[Dataset entries Boundary: Start]
Theorem proposition5p1
  (D : V3 -> Prop) (p p' : V3) (c eta' s : R)
  (HDne : exists x, D x) (HDopen : is_open D) (HDbdd : is_bounded D)
  (HDC2 : C2_boundary D)
  (Hp : ~ closure D p) (Hp' : ~ closure D p')
  (Hseg : forall t, 0 <= t <= 1 -> ~ closure D (vadd p (vscale t (vsub p' p))))
  (HB' : forall x, dist3 x p' <= eta' -> ~ closure D x)
  (Hc : is_min_on (boundary D) (fun x => phi x p p') c)
  (Heta'pos : 0 < eta')
  (Heta'inf : exists m, is_inf_on in_S2 (fun w => sfun w p p' c) m /\ eta' < m)
  (Hs : 0 < s < eta') :
  (forall w, in_S2 w ->
     boundary D (vadd p' (vscale (sfun w p p' c) w)) ->
     is_min_on (boundary D) (fun x => phi x p (vadd p' (vscale s w))) (c - s)) /\
  (forall w, in_S2 w ->
     ~ boundary D (vadd p' (vscale (sfun w p p' c) w)) ->
     exists m, is_min_on (boundary D) (fun x => phi x p (vadd p' (vscale s w))) m
               /\ c - s < m) /\
  (forall q, Lambda D p p' c q <->
     exists w, in_S2 w /\ q = vadd p' (vscale (sfun w p p' c) w) /\
       is_min_on (boundary D) (fun x => phi x p (vadd p' (vscale s w))) (c - s)).
Proof.
  assert (Hs_sfun : forall w, in_S2 w -> s < sfun w p p' c).
  { intros w Hw. destruct Heta'inf as [m [[Hinf _] Hm]].
    specialize (Hinf w Hw); simpl in Hinf; lra. }
  assert (Hfar : forall x, closure D x -> s < dist3 x p').
  { intros x Hx. destruct (Rle_or_lt (dist3 x p') eta') as [Hle|Hlt];
      [exfalso; exact (HB' x Hle Hx) | lra]. }
  split; [|split].
  - intros w. apply shifted_min_on_boundary; tauto.
  - intros w. apply shifted_min_off_boundary; tauto.
  - intros q. apply Lambda_characterisation; tauto.
Qed.
Definition lcm_obstruction (divb : list gen -> list gen -> bool) (U V P Q : list gen) : bool :=
  forallb (fun L => negb (divb U L && divb V L && divb L P && divb L Q))
    (words_upto (length P)).

Lemma no_lcm_of_obstruction (div : list gen -> list gen -> Prop) divb U V P Q :
  (forall x y, div x y -> divb x y = true) ->
  (forall x y, div x y -> length x <= length y) ->
  lcm_obstruction divb U V P Q = true ->
  div U P -> div V P -> div U Q -> div V Q ->
  ~ exists L, is_lcm (list gen) div U V L.
Proof.
  intros Hdivb Hlen Hobs HUP HVP HUQ HVQ [L [HUL [HVL Hmin]]].
  pose proof (Hmin P HUP HVP) as HLP. pose proof (Hmin Q HUQ HVQ) as HLQ.
  unfold lcm_obstruction in Hobs. rewrite forallb_forall in Hobs.
  specialize (Hobs L (in_words_upto L _ (Hlen _ _ HLP))).
  rewrite !Hdivb in Hobs by assumption. discriminate.
Qed.

Lemma no_left_lcm R rho U V P Q :
  homogeneous R = true -> respects rho R = true ->
  lcm_obstruction (ldivb rho) U V P Q = true ->
  Gplus_ldiv R U P -> Gplus_ldiv R V P ->
  Gplus_ldiv R U Q -> Gplus_ldiv R V Q ->
  ~ exists L, is_lcm (list gen) (Gplus_ldiv R) U V L.
Proof.
  intros Hhom Hresp. apply no_lcm_of_obstruction.
  - intros x y. apply (ldivb_complete rho R); assumption.
  - intros x y. apply ldiv_length, Hhom.
Qed.

Lemma no_right_lcm R rho U V P Q :
  homogeneous R = true -> respects rho R = true ->
  lcm_obstruction (rdivb rho) U V P Q = true ->
  Gplus_rdiv R U P -> Gplus_rdiv R V P ->
  Gplus_rdiv R U Q -> Gplus_rdiv R V Q ->
  ~ exists L, is_lcm (list gen) (Gplus_rdiv R) U V L.
Proof.
  intros Hhom Hresp. apply no_lcm_of_obstruction.
  - intros x y. apply (rdivb_complete rho R); assumption.
  - intros x y. apply rdiv_length, Hhom.
Qed.

Lemma not_gaussian_of_no_left_lcm R U V :
  ~ (exists L, is_lcm (list gen) (Gplus_ldiv R) U V L) ->
  ~ Gplus_gaussian R.
Proof. intros Hno [_ [_ [Hl _]]]. exact (Hno (Hl U V)). Qed.

Lemma not_gaussian_of_no_right_lcm R U V :
  ~ (exists L, is_lcm (list gen) (Gplus_rdiv R) U V L) ->
  ~ Gplus_gaussian R.
Proof. intros Hno [_ [_ [_ Hr]]]. exact (Hno (Hr U V)). Qed.

(* In B_ii the element cbb = bba is not reached by rewriting positive words;
   it follows from (ba)(cbb)c = (ba)(bba)c by cancelling. *)
Lemma Bii_cbb : Gplus_eqv (rels B_ii) [gc; gb; gb] [gb; gb; ga].
Proof.
  pose proof (rewrite_chain_sound (rels B_ii) [gb; ga; gc; gb; gb; gc] [gb; ga; gb; gb; ga; gc]
    [[gb; ga; gc; gb; ga; gb]; [gb; gc; ga; gb; ga; gb]; [ga; gb; ga; gb; ga; gb];
     [gb; ga; gb; ga; gb; ga]; [gb; ga; gb; gb; gc; ga]] eq_refl) as H.
  change (geq (rels B_ii) (pos [gb; ga] ++ (pos [gc; gb; gb] ++ pos [gc]))
                          (pos [gb; ga] ++ (pos [gb; gb; ga] ++ pos [gc]))) in H.
  apply geq_cancel_l, (geq_cancel_r _ [gc]) in H. exact H.
Qed.

Lemma Bii_cabb : Gplus_eqv (rels B_ii) [gc; ga; gb; gb] [gb; gc; gb; ga].
Proof.
  apply geq_trans with (pos [ga; gc; gb; gb]); [apply rewrite_step_sound; reflexivity|].
  apply geq_trans with (pos [ga; gb; gb; ga]).
  - exact (geq_app _ (pos [ga]) (pos [ga]) _ _ (geq_refl _ _) Bii_cbb).
  - apply rewrite_step_sound; reflexivity.
Qed.

Definition rep_Bii : perm_rep := PermRep 24
  (fun g => match g with
   | ga => [1; 0; 3; 2; 5; 4; 7; 6; 10; 11; 8; 9; 14; 15; 12; 13; 20; 21; 22; 23; 16; 17; 18; 19]
   | gb => [9; 8; 11; 10; 13; 12; 15; 14; 18; 19; 16; 17; 22; 23; 20; 21; 4; 5; 6; 7; 0; 1; 2; 3]
   | gc => [4; 5; 6; 7; 0; 1; 2; 3; 9; 8; 11; 10; 13; 12; 15; 14; 18; 19; 16; 17; 22; 23; 20; 21]
   end)
  (fun g => match g with
   | ga => [1; 0; 3; 2; 5; 4; 7; 6; 10; 11; 8; 9; 14; 15; 12; 13; 20; 21; 22; 23; 16; 17; 18; 19]
   | gb => [20; 21; 22; 23; 16; 17; 18; 19; 1; 0; 3; 2; 5; 4; 7; 6; 10; 11; 8; 9; 14; 15; 12; 13]
   | gc => [4; 5; 6; 7; 0; 1; 2; 3; 9; 8; 11; 10; 13; 12; 15; 14; 18; 19; 16; 17; 22; 23; 20; 21]
   end).

Lemma Bii_not_gaussian : ~ Gplus_gaussian (rels B_ii).
Proof.
  apply (not_gaussian_of_no_left_lcm _ [gb] [gc]).
  apply (no_left_lcm _ rep_Bii _ _ [gc; gb; gb] [gc; ga; gb; gb]);
    [vm_compute; reflexivity .. | | | |].
  - exists [gb; ga]. exact Bii_cbb.
  - exists [gb; gb]. apply geq_refl.
  - exists [gc; gb; ga]. exact Bii_cabb.
  - exists [ga; gb; gb]. apply geq_refl.
Qed.

Definition rep_Bvi : perm_rep := PermRep 5
  (fun g => match g with ga => [1; 2; 3; 4; 0] | gb => [2; 0; 4; 1; 3] | gc => [1; 4; 3; 0; 2] end)
  (fun g => match g with ga => [4; 0; 1; 2; 3] | gb => [1; 3; 0; 4; 2] | gc => [3; 0; 4; 2; 1] end).

Lemma Bvi_not_gaussian : ~ Gplus_gaussian (rels B_vi).
Proof.
  apply (not_gaussian_of_no_left_lcm _ [ga] [gb]).
  apply (no_left_lcm _ rep_Bvi _ _ [ga; gb; ga] [ga; gc; ga]);
    [vm_compute; reflexivity .. | | | |].
  - exists [gb; ga]. apply geq_refl.
  - exists [ga; gb]. apply rewrite_step_sound; reflexivity.
  - exists [gc; ga]. apply geq_refl.
  - exists [ga; gc]. apply rewrite_step_sound; reflexivity.
Qed.

Definition rep_Hii : perm_rep := PermRep 5
  (fun g => match g with ga => [0; 1; 3; 4; 2] | gb => [0; 2; 3; 1; 4] | gc => [1; 2; 0; 3; 4] end)
  (fun g => match g with ga => [0; 1; 4; 2; 3] | gb => [0; 3; 1; 2; 4] | gc => [2; 0; 1; 3; 4] end).

Lemma Hii_not_gaussian : ~ Gplus_gaussian (rels H_ii).
Proof.
  apply (not_gaussian_of_no_left_lcm _ [ga] [gb]).
  apply (no_left_lcm _ rep_Hii _ _ [ga; gc; ga] [ga; gb; ga; gb]);
    [vm_compute; reflexivity .. | | | |].
  - exists [gc; ga]. apply geq_refl.
  - exists [ga; gc]. apply rewrite_step_sound; reflexivity.
  - exists [gb; ga; gb]. apply geq_refl.
  - exists [ga; gb; ga]. apply rewrite_step_sound; reflexivity.
Qed.

Definition rep_Hiii : perm_rep := PermRep 5
  (fun g => match g with ga => [1; 2; 3; 4; 0] | gb => [2; 0; 4; 1; 3] | gc => [3; 0; 4; 2; 1] end)
  (fun g => match g with ga => [4; 0; 1; 2; 3] | gb => [1; 3; 0; 4; 2] | gc => [1; 4; 3; 0; 2] end).

Lemma Hiii_not_gaussian : ~ Gplus_gaussian (rels H_iii).
Proof.
  apply (not_gaussian_of_no_right_lcm _ [ga] [gb]).
  apply (no_right_lcm _ rep_Hiii _ _ [ga; gb; ga] [ga; gc; gb]);
    [vm_compute; reflexivity .. | | | |].
  - exists [ga; gb]. apply geq_refl.
  - exists [gb; ga]. apply rewrite_step_sound; reflexivity.
  - exists [gc; gb]. apply rewrite_step_sound; reflexivity.
  - exists [ga; gc]. apply geq_refl.
Qed.

Theorem corollary5p1 : forall X : case, ~ Gplus_gaussian (rels X).
Proof.
  intros X; destruct X.
  - exact Bii_not_gaussian.
  - exact Bvi_not_gaussian.
  - exact Hii_not_gaussian.
  - exact Hiii_not_gaussian.
Qed.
[Dataset entries Boundary: End]
What you need to do >>
The line containing "(fun g => match g with ga => [0; 1; 4;" marks the start. Repeat it and every line after it to the end of the listing above, exactly.

Exercise solution >>
  (fun g => match g with ga => [0; 1; 4; 2; 3] | gb => [0; 3; 1; 2; 4] | gc => [2; 0; 1; 3; 4] end).

Lemma Hii_not_gaussian : ~ Gplus_gaussian (rels H_ii).
Proof.
  apply (not_gaussian_of_no_left_lcm _ [ga] [gb]).
  apply (no_left_lcm _ rep_Hii _ _ [ga; gc; ga] [ga; gb; ga; gb]);
    [vm_compute; reflexivity .. | | | |].
  - exists [gc; ga]. apply geq_refl.
  - exists [ga; gc]. apply rewrite_step_sound; reflexivity.
  - exists [gb; ga; gb]. apply geq_refl.
  - exists [ga; gb; ga]. apply rewrite_step_sound; reflexivity.
Qed.

Definition rep_Hiii : perm_rep := PermRep 5
  (fun g => match g with ga => [1; 2; 3; 4; 0] | gb => [2; 0; 4; 1; 3] | gc => [3; 0; 4; 2; 1] end)
  (fun g => match g with ga => [4; 0; 1; 2; 3] | gb => [1; 3; 0; 4; 2] | gc => [1; 4; 3; 0; 2] end).

Lemma Hiii_not_gaussian : ~ Gplus_gaussian (rels H_iii).
Proof.
  apply (not_gaussian_of_no_right_lcm _ [ga] [gb]).
  apply (no_right_lcm _ rep_Hiii _ _ [ga; gb; ga] [ga; gc; gb]);
    [vm_compute; reflexivity .. | | | |].
  - exists [ga; gb]. apply geq_refl.
  - exists [gb; ga]. apply rewrite_step_sound; reflexivity.
  - exists [gc; gb]. apply rewrite_step_sound; reflexivity.
  - exists [ga; gc]. apply geq_refl.
Qed.

Theorem corollary5p1 : forall X : case, ~ Gplus_gaussian (rels X).
Proof.
  intros X; destruct X.
  - exact Bii_not_gaussian.
  - exact Bvi_not_gaussian.
  - exact Hii_not_gaussian.
  - exact Hiii_not_gaussian.
Qed.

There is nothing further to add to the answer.